If you get an octopus in a shop, like Octopi 'R' Us or Ye Olde Tentaculate Shoppe, chance is it has already been tenderized. But if you fished it yourself, then you should know how to tenderize it.

And yes, it is necessary. Octopus, by itself, would be a fine material for building slingshots and probably shoes - not for eating. It is rubbery and leathery and not unlike a marine chewingum.

I suppose that you could solve the problem by pounding on it with a hammer or something similar in your own kitchen - but why ? You can do it on the seaside ! Attract attention ! Shock kids into vegetarianism ! Draw a crowd !

Octopus, pristine

The octopus at this point should be dead. If it is not dead, read Humane octopus killing. The tougher part of the octopus is where the tentacles join the head (they are thicker there), which means that they require the most abuse.
Find a hard, clean rock. It should not be covered with a thick mat of algae, and it should not be crumbly (unless you enjoy eating bits of rock).
Grab the octopus by its head (I am sure that if you are a squeamish person you should not be reading this), using the convenient side opening that Nature provided. Do this with the hand you would not use for throwing a ball.
Lift the octopus into the bracing marine air, and slowly drop it into your free hand. The octopus should, at this point, be sitting into your throwing hand with its head on top, looking at you in a reproachful way.

The gentle art of THUD

Now comes the fun bit.
Throw the octopus, with as much force as you can muster without pulling muscles, against the rock.
THUD ! the octopus will bounce a bit. Pick it up. Place in throwing hand. Repeat. THUD. Repeat. THUD. Repeat until the octopus turns a pale grey, and its tentacles hung limp.

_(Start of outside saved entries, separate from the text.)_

(* For the full-order LQO system $G$ and the reduced-order LQO system $G_k$ described in the context, the squared frequency-limited $\mathcal{H}_2$ norm of the error satisfies $$\|G-G_k\|_{\mathcal{H}_{2,\omega}}^2=\|G\|_{\mathcal{H}_{2,\omega}}^2-2\langle G,G_k\rangle_{\mathcal{H}_{2,\omega}}+\|G_k\|_{\mathcal{H}_{2,\omega}}^2,$$ where the $\mathcal{H}_{2,\omega}$ inner product equals $\langle G,G_k\rangle_{\mathcal{H}_{2,\omega}}=\operatorname{trace}\big(B^T(Y_{12,\omega}+Z_{12,\omega})B_k\big)=\operatorname{trace}(B^TQ_{12,\omega}B_k)$.
   Context: Consider the linear quadratic output (LQO) system $G$: $\dot x(t)=Ax(t)+Bu(t)$, $y(t)=Cx(t)+[x(t)^TM_1x(t);\dots;x(t)^TM_px(t)]$ with $A\in\mathbb{R}^{n\times n}$ Hurwitz, $B\in\mathbb{R}^{n\times m}$, $C\in\mathbb{R}^{p\times n}$, $M_i=M_i^T\in\mathbb{R}^{n\times n}$, and a reduced-order LQO system $G_k$ with realization $(A_k,B_k,C_k,M_{k,1},\dots,M_{k,p})$ of order $k$, $A_k$ Hurwitz. Their transfer functions are $G_1(s)=C(sI-A)^{-1}B$, $G_{2,i}(s_1,s_2)=B^T(s_1I-A)^{-*}M_i(s_2I-A)^{-1}B$, and analogously $G_{k,1}$, $G_{k,2,i}$ with the reduced matrices. The frequency-limited $\mathcal{H}_2$ norm on $[0,\omega]$ rad/sec is given by $\|G\|_{\mathcal{H}_{2,\omega}}^2=\operatorname{trace}\Big(\frac{1}{2\pi}\int_{-\omega}^{\omega}G_1^*(j\nu)G_1(j\nu)d\nu+\frac{1}{(2\pi)^2}\int_{-\omega}^{\omega}\int_{-\omega}^{\omega}\sum_{i=1}^pG_{2,i}^*(j\nu_1,j\nu_2)G_{2,i}(j\nu_1,j\nu_2)d\nu_1d\nu_2\Big)$, and the $\mathcal{H}_{2,\omega}$ inner product is $\langle G,G_k\rangle_{\mathcal{H}_{2,\omega}}=\frac{1}{2\pi}\int_{-\omega}^{\omega}\operatorname{trace}\big(G_1^*(j\nu)G_{k,1}(j\nu)\big)d\nu+\frac{1}{4\pi^2}\operatorname{trace}\Big(\int_{-\omega}^{\omega}\int_{-\omega}^{\omega}\sum_{i=1}^pG_{2,i}^*(j\nu_1,j\nu_2)G_{k,2,i}(j\nu_1,j\nu_2)d\nu_1d\nu_2\Big)$. Let $F_\omega=\frac{1}{2\pi}\int_{-\omega}^{\omega}(j\nu I-A)^{-1}d\nu$ and $F_{k,\omega}=\frac{1}{2\pi}\int_{-\omega}^{\omega}(j\nu I-A_k)^{-1}d\nu$. Let $P_{12,\omega}$ solve $AP_{12,\omega}+P_{12,\omega}A_k^T+F_\omega BB_k^T+BB_k^TF_{k,\omega}^*=0$, $Y_{12,\omega}$ solve $A^TY_{12,\omega}+Y_{12,\omega}A_k+F_\omega^*C^TC_k+C^TC_kF_{k,\omega}=0$, $Z_{12,\omega}$ solve $A^TZ_{12,\omega}+Z_{12,\omega}A_k+\sum_{i=1}^p(F_\omega^*M_iP_{12,\omega}M_{k,i}+M_iP_{12,\omega}M_{k,i}F_{k,\omega})=0$, and $Q_{12,\omega}=Y_{12,\omega}+Z_{12,\omega}$. Equivalently $Y_{12,\omega}=\frac{1}{2\pi}\int_{-\omega}^{\omega}(j\nu I-A)^{-*}C^TC_k(j\nu I-A_k)^{-1}d\nu$ and $Z_{12,\omega}$ is the analogous double integral involving $\sum_i M_i(\cdot)M_{k,i}$. *)

From HB Require Import structures.
From mathcomp Require Import all_boot all_order all_algebra.
From mathcomp Require Import all_classical all_reals all_analysis.
From mathcomp Require Import complex.

Set Implicit Arguments.
Unset Strict Implicit.
Unset Printing Implicit Defensive.

Import Order.TTheory GRing.Theory Num.Theory.
Local Open Scope ring_scope.
Local Open Scope complex_scope.
Local Open Scope classical_set_scope.

Section LQO.
Variable R : realType.
Local Notation C := (R[i]).

Definition cmx (a b : nat) (A : 'M[R]_(a, b)) : 'M[C]_(a, b) :=
  map_mx (fun x : R => x%:C) A.

Definition ctr (a b : nat) (M : 'M[C]_(a, b)) : 'M[C]_(b, a) :=
  map_mx conjc M^T.

Definition jw (nu : R) : C := Complex 0 nu.

Definition resolvent (a : nat) (A : 'M[R]_a) (s : C) : 'M[C]_a :=
  invmx (s%:M - cmx A).

Definition cintegral (w : R) (f : R -> C) : C :=
  (Rintegral lebesgue_measure `[- w, w]%classic (fun x => complex.Re (f x)))%:C
  + 'i * (Rintegral lebesgue_measure `[- w, w]%classic (fun x => complex.Im (f x)))%:C.

Definition cintegral2 (w : R) (f : R -> R -> C) : C :=
  cintegral w (fun x1 => cintegral w (fun x2 => f x1 x2)).

Definition mxintegral (w : R) (a b : nat) (F : R -> 'M[C]_(a, b)) : 'M[C]_(a, b) :=
  \matrix_(i, j) cintegral w (fun x => F x i j).

Definition mxintegral2 (w : R) (a b : nat) (F : R -> R -> 'M[C]_(a, b))
  : 'M[C]_(a, b) :=
  \matrix_(i, j) cintegral2 w (fun x1 x2 => F x1 x2 i j).

Definition hurwitz (a : nat) (A : 'M[R]_a) : Prop :=
  forall l : C, eigenvalue (cmx A) l -> complex.Re l < 0.

Definition tf1 (a m p : nat) (A : 'M[R]_a) (B : 'M[R]_(a, m)) (Cm : 'M[R]_(p, a))
  (s : C) : 'M[C]_(p, m) :=
  cmx Cm *m resolvent A s *m cmx B.

Definition tf2 (a m p : nat) (A : 'M[R]_a) (B : 'M[R]_(a, m)) (M : 'I_p -> 'M[R]_a)
  (i : 'I_p) (s1 s2 : C) : 'M[C]_m :=
  cmx B^T *m ctr (resolvent A s1) *m cmx (M i) *m resolvent A s2 *m cmx B.

(** Squared frequency-limited H2 norm, expressed on the transfer functions
    evaluated on the imaginary axis: H1 nu = G_1(j nu),
    H2 i nu1 nu2 = G_{2,i}(j nu1, j nu2). *)
Definition h2w_norm2 (w : R) (m p : nat) (H1 : R -> 'M[C]_(p, m))
  (H2 : 'I_p -> R -> R -> 'M[C]_m) : C :=
  \tr ( ((2 * pi)^-1)%:C *: mxintegral w (fun nu => ctr (H1 nu) *m H1 nu)
      + (((2 * pi) ^+ 2)^-1)%:C *:
          mxintegral2 w (fun nu1 nu2 =>
             \sum_(i < p) ctr (H2 i nu1 nu2) *m H2 i nu1 nu2)).

Definition h2w_inner (w : R) (m p : nat)
  (H1 K1 : R -> 'M[C]_(p, m)) (H2 K2 : 'I_p -> R -> R -> 'M[C]_m) : C :=
  ((2 * pi)^-1)%:C * cintegral w (fun nu => \tr (ctr (H1 nu) *m K1 nu))
  + (((2 * pi) ^+ 2)^-1)%:C *
      \tr (mxintegral2 w (fun nu1 nu2 =>
             \sum_(i < p) ctr (H2 i nu1 nu2) *m K2 i nu1 nu2)).

Definition Fw (w : R) (a : nat) (A : 'M[R]_a) : 'M[C]_a :=
  ((2 * pi)^-1)%:C *: mxintegral w (fun nu => resolvent A (jw nu)).

End LQO.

Be careful with the throwing, because if you don't have all the tentacles gathered in your hand they will whiplash - which hurts like hell. In fact an octopus could be used as a flogger, as I sure some kinky Japanese does regularly.

Notice that at this point you will be covered in invisible but smelly droplets of octopus juice. Have a quick dip in the sea, to rinse off the smell and chill a bit.


Throwing is hard: can I hold it by its tentacles and just whack it against to rock ? Just try: it will slip out of your finger, and possibly hurt you in the process.
Someone called me a monster because I was doing what you suggested ! Invite them over for soup. Everything will be pardoned.
Have you ever actually done this ? Many times. Underneath my suave CS nerd appearance, a mollusk-killer lurks.

After the tenderizing is done, you might as well remove the beak - easily done with a screwdriver.

While repeatedly chucking octopi against a hard surface probably works great, Food TV's Iron Chef had one very memorable moment in Battle Octopus, with Iron Chef Masahiko Kobe battling challenger Hiromichi Yoneda.

Kobe coated a live octopus in rice bran, chopped off the head (supposedly this also aids the tenderizing), and proceeded to beat the poor dying tentacles with a huge, two foot long Daikon Radish.

This was one of the first Iron Chef episodes I saw, and something about watching a malevolent Asian chef in a costume and oversized toque beat a writhing eight-legged mollusk with a huge and foreign root vegetable convinced me that this show totally kicks ass.

Kobe went on to marinate the octopus in champagne and win the match, 75-70.